*GOAL OF THE EXERCISE*. A complete response lists each line of the data below that includes the word "innerDr".

(Source data)

(* Put [h = x_t - x_*]. The gradient step gives [xhat_t - x_* = (h - U^T U h) + U^T e].
   On a set [T] of at most [s] coordinates outside [S_*], the part [h - U^T U h] has norm at
   most [(delta_s + sqrt 2 theta_{s,s}) |h|]: the RIP handles the piece of [h] on [T] and the
   ROC the two pieces outside [T], on [S_*] and on [S_t \ S_*]. Every coordinate that soft
   thresholding keeps outside [S_*] exceeds [lambda_t] in modulus, so with the chosen
   [lambda_t] there cannot be [s + 1] of them, which is (i). On [S_{t+1} :|: S_*] the RIP of
   order [3 s] bounds the same part by [delta_{3s} |h|], and thresholding moves each
   coordinate by at most [lambda_t]; hence [|x_{t+1} - x_*| <= Delta_{t+1}] by induction, and
   unrolling the affine recursion for [Delta] gives (ii). *)

Lemma disjoint_setD (T : finType) (A B : {set T}) : [disjoint B & A :\: B].
Proof.
rewrite -setI_eq0; apply/eqP/finset.setP => i.
by rewrite !inE; case: (i \in B); rewrite ?andbF.
Qed.

Section Sparse.
Variable R : realType.
Implicit Types (k : nat) (lam u : R).

Lemma sqnorm2E k (v : 'cV[R]_k) : sqnorm2 v = inner v v.
Proof. by apply: eq_bigr => i _; rewrite expr2. Qed.

Lemma sqnorm2_ge0 k (v : 'cV[R]_k) : 0 <= sqnorm2 v.
Proof. by apply: sumr_ge0 => i _; rewrite sqr_ge0. Qed.

Lemma norm2_ge0 k (v : 'cV[R]_k) : 0 <= norm2 v.
Proof. exact: sqrtr_ge0. Qed.

Lemma sqr_norm2 k (v : 'cV[R]_k) : norm2 v ^+ 2 = sqnorm2 v.
Proof. by rewrite sqr_sqrtr // sqnorm2_ge0. Qed.

Lemma norm2_le k (v : 'cV[R]_k) x : 0 <= x -> (norm2 v <= x) = (sqnorm2 v <= x ^+ 2).
Proof. by move=> x0; rewrite -ler_sqr ?sqr_norm2 // nnegrE ?norm2_ge0. Qed.

Lemma sqnorm2_eq0 k (v : 'cV[R]_k) : sqnorm2 v = 0 -> v = 0.
Proof.
move/psumr_eq0P => v0; apply/matrixP => i j; rewrite (ord1 j) mxE.
by apply/eqP; rewrite -sqrf_eq0 v0 // => l _; rewrite sqr_ge0.
Qed.

Lemma norm2_eq0 k (v : 'cV[R]_k) : norm2 v = 0 -> v = 0.
Proof. by move=> v0; apply: sqnorm2_eq0; rewrite -sqr_norm2 v0 expr0n. Qed.

Lemma norm2Z k x (v : 'cV[R]_k) : norm2 (x *: v) = `|x| * norm2 v.
Proof.
rewrite /norm2 -(sqrtr_sqr x) -sqrtrM ?sqr_ge0 // /sqnorm2 mulr_sumr.
by congr Num.sqrt; apply: eq_bigr => i _; rewrite mxE exprMn.
Qed.

Lemma innerC k (a b : 'cV[R]_k) : inner a b = inner b a.
Proof. by apply: eq_bigr => i _; rewrite mulrC. Qed.

Lemma innerDl k (a b c : 'cV[R]_k) : inner (a + b) c = inner a c + inner b c.
Proof. by rewrite /inner -big_split; apply: eq_bigr => i _; rewrite !mxE mulrDl. Qed.

Lemma innerZl k x (a b : 'cV[R]_k) : inner (x *: a) b = x * inner a b.
Proof. by rewrite /inner mulr_sumr; apply: eq_bigr => i _; rewrite !mxE mulrA. Qed.

Lemma innerNl k (a b : 'cV[R]_k) : inner (- a) b = - inner a b.
Proof. by rewrite -scaleN1r innerZl mulN1r. Qed.

Lemma innerBl k (a b c : 'cV[R]_k) : inner (a - b) c = inner a c - inner b c.
Proof. by rewrite innerDl innerNl. Qed.

Lemma innerDr k (a b c : 'cV[R]_k) : inner a (b + c) = inner a b + inner a c.
Proof. by rewrite innerC innerDl !(innerC a). Qed.

Lemma innerZr k x (a b : 'cV[R]_k) : inner a (x *: b) = x * inner a b.
Proof. by rewrite innerC innerZl innerC. Qed.

Lemma innerNr k (a b : 'cV[R]_k) : inner a (- b) = - inner a b.
Proof. by rewrite innerC innerNl innerC. Qed.

Lemma innerBr k (a b c : 'cV[R]_k) : inner a (b - c) = inner a b - inner a c.
Proof. by rewrite innerDr innerNr. Qed.

Lemma inner0r k (a : 'cV[R]_k) : inner a 0 = 0.
Proof. by rewrite /inner big1 // => i _; rewrite mxE mulr0. Qed.

Lemma inner0l k (a : 'cV[R]_k) : inner 0 a = 0.
Proof. by rewrite innerC inner0r. Qed.

Lemma inner_trmx n k (U : 'M[R]_(n, k)) a b : inner a (U^T *m b) = inner (U *m a) b.
Proof.
rewrite /inner; under eq_bigr => i _ do rewrite mxE mulr_sumr.
under [RHS]eq_bigr => i _ do rewrite mxE mulr_suml.
by rewrite exchange_big; apply: eq_bigr => i _; apply: eq_bigr => j _; rewrite mxE; ring.
Qed.

Lemma sqnorm2_parallelogram k (a b : 'cV[R]_k) :
  sqnorm2 (a + b) + sqnorm2 (a - b) = 2 * (sqnorm2 a + sqnorm2 b).
Proof.
by rewrite !sqnorm2E !(innerDl, innerDr, innerNl, innerNr) (innerC b a); ring.
Qed.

*OUTPUT FOR THIS EXERCISE*.
Lemma innerDr k (a b c : 'cV[R]_k) : inner a (b + c) = inner a b + inner a c.
Proof. by rewrite innerDr innerNr. Qed.
by rewrite !sqnorm2E !(innerDl, innerDr, innerNl, innerNr) (innerC b a); ring.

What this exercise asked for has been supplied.